--- START ---
Lemma p_neg_ln_split x : p x * - ln (p x) =
  \sum_c joint_cx c x * ln (pmf_c c / joint_cx c x) + info_at x.
Proof.
rewrite /info_at -{1}sum_joint_cx big_distrl -big_split; apply: eq_bigr => c _ /=.
have [->|J_neq0] := eqVneq (joint_cx c x) 0; first by rewrite !mul0r addr0.
have Jp : 0 < joint_cx c x by rewrite lt_def J_neq0 joint_cx_ge0.
have Pp := lt_le_trans Jp (joint_cx_le_pmf_c c x).
have pp := lt_le_trans Jp (joint_cx_le_p c x).
rewrite -mulrDr -lnM ?posrE ?divr_gt0 ?mulr_gt0 // -lnV ?posrE //.
by congr (_ * ln _); field; rewrite !gt_eqF.
Qed.

Variables (A : finType) (part : K -> A).

Definition joint_acx a c x : R :=
  \sum_(k | part k == a) q k * p x * (enc k x == c)%:R.
Definition pmf_a a : R := \sum_(k | part k == a) q k.

Lemma joint_acx_ge0 a c x : 0 <= joint_acx a c x.
Proof. by apply: sumr_ge0 => k _; rewrite !mulr_ge0. Qed.

Lemma pmf_a_ge0 a : 0 <= pmf_a a.
Proof. exact: sumr_ge0. Qed.

Lemma joint_cx_part c x : joint_cx c x = \sum_a joint_acx a c x.
Proof. exact: (partition_big part predT). Qed.

Lemma sum_joint_acx a x : \sum_c joint_acx a c x = pmf_a a * p x.
Proof.
rewrite /joint_acx exchange_big /= /pmf_a big_distrl /=.
by apply: eq_bigr => k _; rewrite -big_distrr /= sum_indicator_eq1 mulr1.
Qed.

Lemma sum_pmf_a : \sum_a pmf_a a = 1.
Proof. by rewrite /pmf_a -q_sum1 (partition_big part predT). Qed.

Lemma joint_acx_le_cx a c x : joint_acx a c x <= joint_cx c x.
Proof.
rewrite joint_cx_part.
by apply: (ler_sum_term (F := fun a' => joint_acx a' c x)) => a'; apply: joint_acx_ge0.
Qed.

Lemma joint_acx_le_pmf_a a c x : joint_acx a c x <= pmf_a a * p x.
Proof.
rewrite -sum_joint_acx.
by apply: (ler_sum_term (F := fun c' => joint_acx a c' x)) => c'; apply: joint_acx_ge0.
Qed.

Lemma mul_ln_pmf_c_refine c x :
  joint_cx c x * ln (pmf_c c / joint_cx c x) <=
  \sum_a joint_acx a c x * ln (pmf_c c / joint_acx a c x).
Proof.
rewrite {1}joint_cx_part big_distrl /=; apply: ler_sum => a _.
have [->|J_neq0] := eqVneq (joint_acx a c x) 0; first by rewrite !mul0r.
have Jp : 0 < joint_acx a c x by rewrite lt_def J_neq0 joint_acx_ge0.
have Jcp := lt_le_trans Jp (joint_acx_le_cx a c x).
have Pp := lt_le_trans Jcp (joint_cx_le_pmf_c c x).
apply: ler_wpM2l; first exact: ltW.
rewrite ler_ln ?posrE ?divr_gt0 //.
apply: ler_wpM2l; first exact: ltW.
by rewrite lef_pV2 ?posrE // joint_acx_le_cx.
Qed.

Lemma mul_ln_pmf_c_le_scaled (w : R) a c x : 0 < w ->
  joint_acx a c x * ln (pmf_c c / joint_acx a c x) <=
  joint_acx a c x * (ln w - 1 - ln (pmf_a a))
  + (joint_acx a c x != 0)%:R * (pmf_c c * pmf_a a / w).
Proof.
move=> wp; have [->|J_neq0] := eqVneq (joint_acx a c x) 0; first by rewrite !mul0r addr0.
have Jp : 0 < joint_acx a c x by rewrite lt_def J_neq0 joint_acx_ge0.
have Pp := lt_le_trans (lt_le_trans Jp (joint_acx_le_cx a c x)) (joint_cx_le_pmf_c c x).
have qp : 0 < pmf_a a.
  rewrite lt_def pmf_a_ge0 andbT; apply: contraTneq (joint_acx_le_pmf_a a c x) => ->.
  by rewrite mul0r -ltNge.
have -> : ln (pmf_c c / joint_acx a c x) =
    ln (pmf_c c * pmf_a a / joint_acx a c x) - ln (pmf_a a).
  rewrite -ln_div ?posrE ?divr_gt0 ?mulr_gt0 //; congr ln; field.
  by rewrite !gt_eqF.
rewrite mul1r !mulrBr; have := mul_ln_div_le_scaled Jp (mulr_gt0 Pp qp) wp; lra.
Qed.

Section ListSize.
Variables (T : pred X) (N : nat).
Hypothesis N_gt0 : (0 < N)%N.
Hypothesis list_size : forall a c,
  \sum_(x | T x) ((joint_acx a c x != 0)%:R : R) <= N%:R.

Lemma sum_joint_acx_mul (f : A -> R) :
  \sum_(x | T x) \sum_c \sum_a joint_acx a c x * f a =
  (\sum_(x | T x) p x) * \sum_a pmf_a a * f a.
Proof.
rewrite big_distrl /=; apply: eq_bigr => x _; rewrite exchange_big big_distrr /=.
by apply: eq_bigr => a _; rewrite -big_distrl /= sum_joint_acx mulrAC mulrC.
Qed.

Lemma sum_indicator_weighted_le (w : R) : 0 < w ->
  \sum_(x | T x) \sum_c \sum_a
    (joint_acx a c x != 0)%:R * (pmf_c c * pmf_a a / w) <= N%:R / w.
Proof.
move=> wp; rewrite exchange_big /=.
apply: le_trans (_ : \sum_c \sum_a N%:R * (pmf_c c * pmf_a a / w) <= _).
  apply: ler_sum => c _; rewrite exchange_big /=; apply: ler_sum => a _.
  rewrite -big_distrl /= ler_wpM2r ?list_size //.
  by rewrite divr_ge0 ?mulr_ge0 ?pmf_c_ge0 ?pmf_a_ge0 ?(ltW wp).
have E c a : N%:R * (pmf_c c * pmf_a a / w) = pmf_c c * (pmf_a a * (N%:R / w)).
  by rewrite mulrCA -!mulrA.
under eq_bigr do under eq_bigr do rewrite E.
under eq_bigr do rewrite -big_distrr -big_distrl /= sum_pmf_a mul1r.
by rewrite -big_distrl /= sum_pmf_c mul1r.
Qed.

(* A Fano-type bound: given the key part and the ciphertext, [T] leaves at
   most [N] candidates for the message. *)
Lemma cond_entropy_list_bound : 0 < \sum_(x | T x) p x ->
  \sum_(x | T x) \sum_c joint_cx c x * ln (pmf_c c / joint_cx c x) <=
  (\sum_(x | T x) p x) * (ln N%:R - ln (\sum_(x | T x) p x))
  - (\sum_(x | T x) p x) * \sum_a pmf_a a * ln (pmf_a a).
Proof.
set PT := \sum_(x | T x) p x => PTp.
set w := N%:R / PT.
have wp : 0 < w by rewrite divr_gt0 // ltr0n.
apply: le_trans (_ : \sum_(x | T x) \sum_c \sum_a
    (joint_acx a c x * (ln w - 1 - ln (pmf_a a))
     + (joint_acx a c x != 0)%:R * (pmf_c c * pmf_a a / w)) <= _).
  apply: ler_sum => x _; apply: ler_sum => c _.
  apply: le_trans (mul_ln_pmf_c_refine c x) _.
  by apply: ler_sum => a _; apply: mul_ln_pmf_c_le_scaled.
under eq_bigr do under eq_bigr do rewrite big_split.
under eq_bigr do rewrite big_split.
rewrite big_split /= sum_joint_acx_mul.
have := sum_indicator_weighted_le wp.
have -> : N%:R / w = PT by rewrite /w invf_div mulrCA divff ?mulr1 // pnatr_eq0 -lt0n.
rewrite -/PT (eq_bigr (fun a => pmf_a a * (ln w - 1) - pmf_a a * ln (pmf_a a))).
  rewrite sumrB -big_distrl /= sum_pmf_a mul1r /w ln_div ?posrE ?ltr0n //.
  rewrite !mulrBr; lra.
by move=> a _; rewrite mulrBr.
Qed.

Lemma mass_neg_ln_bound (h : R) : (forall x, T x -> h <= - ln (p x)) ->
  (\sum_(x | T x) p x) * h <=
  - (\sum_(x | T x) p x) * ln (\sum_(x | T x) p x) + info_cx
  - (\sum_(x | T x) p x) * \sum_a pmf_a a * ln (pmf_a a)
  + (\sum_(x | T x) p x) * ln N%:R.
Proof.
move=> h_le; set PT := \sum_(x | T x) p x.
have info_cx_ge0 : 0 <= info_cx.
  by rewrite info_cxE sumr_ge0 // => x _; apply: info_at_ge0.
have [PT0|PT_neq0] := eqVneq PT 0; first by rewrite PT0 !(mul0r, oppr0, subr0, addr0, add0r).
have PTp : 0 < PT by rewrite lt_def PT_neq0 sumr_ge0.
have info_T : \sum_(x | T x) info_at x <= info_cx.
  by rewrite info_cxE [X in _ <= X](bigID T) /= lerDl sumr_ge0 // => x _; apply: info_at_ge0.
have : PT * h <= \sum_(x | T x) p x * - ln (p x).
  by rewrite big_distrl; apply: ler_sum => x Tx; rewrite ler_wpM2l ?h_le.
under eq_bigr do rewrite p_neg_ln_split.
rewrite big_split /=; have := cond_entropy_list_bound PTp; rewrite -/PT.
rewrite mulrBr mulNr; lra.
Qed.

End ListSize.

End KeyedChannel.

Section IidVectors.
Variables (R : realType) (A B : finType) (n : nat).

Lemma sum_vec2_prod (F : 'I_n -> A -> B -> R) :
  \sum_(x1 : vec A n) \sum_(x2 : vec B n) \prod_i F i (x1 i) (x2 i) =
  \prod_i \sum_a \sum_b F i a b.
Proof.
rewrite (eq_bigr (fun x1 : vec A n => \prod_i \sum_b F i (x1 i) b)); last first.
  by move=> x1 _; rewrite (bigA_distr_bigA (fun i b => F i (x1 i) b)).
by rewrite -(bigA_distr_bigA (fun i a => \sum_b F i a b)).
Qed.

Lemma sum_vec_prod_coord (m G : A -> R) (i : 'I_n) : \sum_a m a = 1 ->
  \sum_(x : vec A n) (\prod_j m (x j)) * G (x i) = \sum_a m a * G a.
Proof.
move=> m1.
pose F (l : 'I_n) a := m a * (if l == i then G a else 1).
have E x : (\prod_j m (x j)) * G (x i) = \prod_l F l (x l).
  rewrite /F big_split /=; congr (_ * _).
  by rewrite (bigD1 i) //= eqxx big1 ?mulr1 // => l /negbTE ->.
under eq_bigr do rewrite E.
rewrite -(bigA_distr_bigA F) (bigD1 i) //= [X in _ * X]big1 ?mulr1.
  by apply: eq_bigr => a _; rewrite /F eqxx.
by move=> l /negbTE li; rewrite /F li -[RHS]m1; apply: eq_bigr => a _; rewrite mulr1.
Qed.

Lemma sum_prod_mul_ln_prod (m : A -> R) : (forall a, 0 <= m a) -> \sum_a m a = 1 ->
  \sum_(x : vec A n) (\prod_j m (x j)) * ln (\prod_j m (x j)) =
  n%:R * \sum_a m a * ln (m a).
Proof.
move=> m0 m1.
have E x : (\prod_j m (x j)) * ln (\prod_j m (x j)) =
           \sum_i (\prod_j m (x j)) * ln (m (x i)).
  rewrite -big_distrr /=.
  have [->|M_neq0] := eqVneq (\prod_j m (x j)) 0; first by rewrite !mul0r.
  congr (_ * _); apply: ln_prod => j _.
  rewrite lt_def m0 andbT; apply: contra M_neq0 => /eqP mj.
  by apply/prodf_eq0; exists j => //; rewrite mj.
under eq_bigr do rewrite E.
rewrite exchange_big /=.
under eq_bigr do rewrite (@sum_vec_prod_coord m (fun a => ln (m a))) //.
by rewrite sumr_const card_ord mulr_natl.
Qed.

Variable p : A -> B -> R.
Hypotheses (p_ge0 : forall a b, 0 <= p a b) (p_sum1 : \sum_a \sum_b p a b = 1).

Lemma pn_ge0 (x1 : vec A n) (x2 : vec B n) : 0 <= pn p x1 x2.
Proof. exact: prodr_ge0. Qed.

Lemma pn_sum1 : \sum_(x1 : vec A n) \sum_(x2 : vec B n) pn p x1 x2 = 1.
Proof.
rewrite /pn (sum_vec2_prod (fun _ a b => p a b)).
by under eq_bigr do rewrite p_sum1; rewrite big1.
Qed.

Lemma pn_marg1 (x1 : vec A n) : \sum_(x2 : vec B n) pn p x1 x2 = \prod_i marg1 p (x1 i).
Proof. by rewrite /pn -(bigA_distr_bigA (fun i b => p (x1 i) b)). Qed.

Lemma pn_marg2 (x2 : vec B n) : \sum_(x1 : vec A n) pn p x1 x2 = \prod_i marg2 p (x2 i).
Proof. by rewrite /pn -(bigA_distr_bigA (fun i a => p a (x2 i))). Qed.

Lemma pn_moment (i j : 'I_n) (G H : A -> B -> R) :
  \sum_(x1 : vec A n) \sum_(x2 : vec B n)
    pn p x1 x2 * (G (x1 i) (x2 i) * H (x1 j) (x2 j)) =
  if i == j then \sum_a \sum_b p a b * (G a b * H a b)
  else (\sum_a \sum_b p a b * G a b) * (\sum_a \sum_b p a b * H a b).
Proof.
pose F (l : 'I_n) a b :=
  p a b * ((if l == i then G a b else 1) * (if l == j then H a b else 1)).
have E x1 x2 : pn p x1 x2 * (G (x1 i) (x2 i) * H (x1 j) (x2 j)) =
    \prod_l F l (x1 l) (x2 l).
  rewrite /F big_split /= big_split /=; congr (_ * (_ * _)).
    by rewrite (bigD1 i) //= eqxx big1 ?mulr1 // => l /negbTE ->.
  by rewrite (bigD1 j) //= eqxx big1 ?mulr1 // => l /negbTE ->.
have F_other l : l != i -> l != j -> \sum_a \sum_b F l a b = 1.
  move=> /negbTE li /negbTE lj; rewrite -[RHS]p_sum1 /F li lj.
  by apply: eq_bigr => a _; apply: eq_bigr => b _; rewrite !mulr1.
under eq_bigr do under eq_bigr do rewrite E.
rewrite sum_vec2_prod /F.
have [<-|ij] := eqVneq i j.
  rewrite (bigD1 i) //= eqxx [X in _ * X]big1 ?mulr1 // => l /negbTE li.
  by rewrite -[RHS]p_sum1 li; apply: eq_bigr => a _; apply: eq_bigr => b _; rewrite !mulr1.
rewrite (bigD1 i) //= (bigD1 j) /=; last by rewrite eq_sym.
rewrite !eqxx (negbTE ij) (eq_sym j i) (negbTE ij) [X in _ * (_ * X)]big1 ?mulr1.
  by congr (_ * _); apply: eq_bigr => a _; apply: eq_bigr => b _; rewrite ?mulr1 ?mul1r.
by move=> l /andP[li lj]; exact: F_other.
Qed.

End IidVectors.

Section Chebyshev.
Variables (R : realType) (A B : finType) (p : A -> B -> R).
Hypotheses (p_ge0 : forall a b, 0 <= p a b) (p_sum1 : \sum_a \sum_b p a b = 1).

Definition mean2 (g : A -> B -> R) : R := \sum_a \sum_b p a b * g a b.
Definition var2 (g : A -> B -> R) : R := \sum_a \sum_b p a b * (g a b - mean2 g) ^+ 2.
Definition sample_dev n (g : A -> B -> R) (x1 : vec A n) (x2 : vec B n) : R :=
  n%:R^-1 * \sum_i g (x1 i) (x2 i) - mean2 g.

Lemma mean2_centered g : \sum_a \sum_b p a b * (g a b - mean2 g) = 0.
Proof.
under eq_bigr do under eq_bigr do rewrite mulrBr.
under eq_bigr do rewrite sumrB -big_distrl /=.
by rewrite sumrB -big_distrl /= p_sum1 mul1r subrr.
Qed.

(* Independence of the coordinates kills the cross terms of the square. *)
Lemma sum_pn_sample_dev_sqr n g : (0 < n)%N ->
  \sum_(x1 : vec A n) \sum_(x2 : vec B n) pn p x1 x2 * sample_dev g x1 x2 ^+ 2 =
  var2 g / n%:R.
Proof.
move=> n_gt0; set mu := mean2 g; pose g' a b := g a b - mu.
have n_neq0 : (n%:R : R) != 0 by rewrite pnatr_eq0 -lt0n.
have E (x1 : vec A n) (x2 : vec B n) : pn p x1 x2 * sample_dev g x1 x2 ^+ 2 =
    n%:R^-2 * \sum_i \sum_j pn p x1 x2 * (g' (x1 i) (x2 i) * g' (x1 j) (x2 j)).
  have -> : sample_dev g x1 x2 = n%:R^-1 * \sum_i g' (x1 i) (x2 i).
    by rewrite /sample_dev /g' sumrB sumr_const card_ord -/mu; field.
  rewrite exprMn [(\sum_i _) ^+ 2]expr2 big_distrlr /= mulrCA exprVn; congr (_ * _).
  by rewrite big_distrr; apply: eq_bigr => i _; rewrite big_distrr.
under eq_bigr do under eq_bigr do rewrite E.
under eq_bigr do rewrite -big_distrr /=.
rewrite -big_distrr /=.
under eq_bigr do under eq_bigr do rewrite exchange_big /=.
under eq_bigr do rewrite exchange_big /=.
rewrite exchange_big /=.
under eq_bigr do under eq_bigr do rewrite exchange_big /=.
under eq_bigr do rewrite exchange_big /=.
under eq_bigr do under eq_bigr do rewrite pn_moment //.
rewrite (eq_bigr (fun _ => var2 g)); last first.
  move=> i _; rewrite (bigD1 i) //= eqxx [X in _ + X]big1 ?addr0.
    by apply: eq_bigr => a _; apply: eq_bigr => b _; rewrite /g' expr2.
  by move=> j; rewrite eq_sym => /negbTE ->; rewrite mean2_centered mul0r.
by rewrite sumr_const card_ord -mulr_natl; field.
Qed.

Definition self_info a b : R := - log2 (p a b).
Definition self_info12 a b : R := - log2 (p a b / marg2 p b).
Definition self_info21 a b : R := - log2 (p a b / marg1 p a).

Lemma oppr_sum_nz_mul (F : A -> B -> R) :
  - \sum_a \sum_(b | p a b != 0) p a b * F a b = \sum_a \sum_b p a b * - F a b.
Proof.
rewrite -sumrN; apply: eq_bigr => a _; rewrite -sumrN big_mkcond /=.
by apply: eq_bigr => b _; case: eqP => [->|_]; rewrite ?mul0r ?oppr0 ?mulrN.
Qed.

Lemma joint_entropyE : joint_entropy p = mean2 self_info.
Proof. exact: oppr_sum_nz_mul. Qed.

Lemma cond_entropy12E : cond_entropy12 p = mean2 self_info12.
Proof. exact: oppr_sum_nz_mul. Qed.

Lemma cond_entropy21E : cond_entropy21 p = mean2 self_info21.
Proof. exact: oppr_sum_nz_mul. Qed.

Lemma marg1_gt0 a b : 0 < p a b -> 0 < marg1 p a.
Proof. by move=> /lt_le_trans; apply; apply: (ler_sum_term (F := p a)). Qed.

Lemma marg2_gt0 a b : 0 < p a b -> 0 < marg2 p b.
Proof. by move=> /lt_le_trans; apply; apply: (ler_sum_term (F := p^~ b)). Qed.

Section Typicality.
Variables (n : nat) (x1 : vec A n) (x2 : vec B n).
Hypothesis pn_gt0 : 0 < pn p x1 x2.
--- END ---
• Task goal
Look above for the line holding "have [<-|ij] := eqVneq i j.". Print it and every line after it, exactly, through the line holding "(* Independence of".

• Written answer
have [<-|ij] := eqVneq i j.
  rewrite (bigD1 i) //= eqxx [X in _ * X]big1 ?mulr1 // => l /negbTE li.
  by rewrite -[RHS]p_sum1 li; apply: eq_bigr => a _; apply: eq_bigr => b _; rewrite !mulr1.
rewrite (bigD1 i) //= (bigD1 j) /=; last by rewrite eq_sym.
rewrite !eqxx (negbTE ij) (eq_sym j i) (negbTE ij) [X in _ * (_ * X)]big1 ?mulr1.
  by congr (_ * _); apply: eq_bigr => a _; apply: eq_bigr => b _; rewrite ?mulr1 ?mul1r.
by move=> l /andP[li lj]; exact: F_other.
Qed.

End IidVectors.

Section Chebyshev.
Variables (R : realType) (A B : finType) (p : A -> B -> R).
Hypotheses (p_ge0 : forall a b, 0 <= p a b) (p_sum1 : \sum_a \sum_b p a b = 1).

Definition mean2 (g : A -> B -> R) : R := \sum_a \sum_b p a b * g a b.
Definition var2 (g : A -> B -> R) : R := \sum_a \sum_b p a b * (g a b - mean2 g) ^+ 2.
Definition sample_dev n (g : A -> B -> R) (x1 : vec A n) (x2 : vec B n) : R :=
  n%:R^-1 * \sum_i g (x1 i) (x2 i) - mean2 g.

Lemma mean2_centered g : \sum_a \sum_b p a b * (g a b - mean2 g) = 0.
Proof.
under eq_bigr do under eq_bigr do rewrite mulrBr.
under eq_bigr do rewrite sumrB -big_distrl /=.
by rewrite sumrB -big_distrl /= p_sum1 mul1r subrr.
Qed.

(* Independence of the coordinates kills the cross terms of the square. *)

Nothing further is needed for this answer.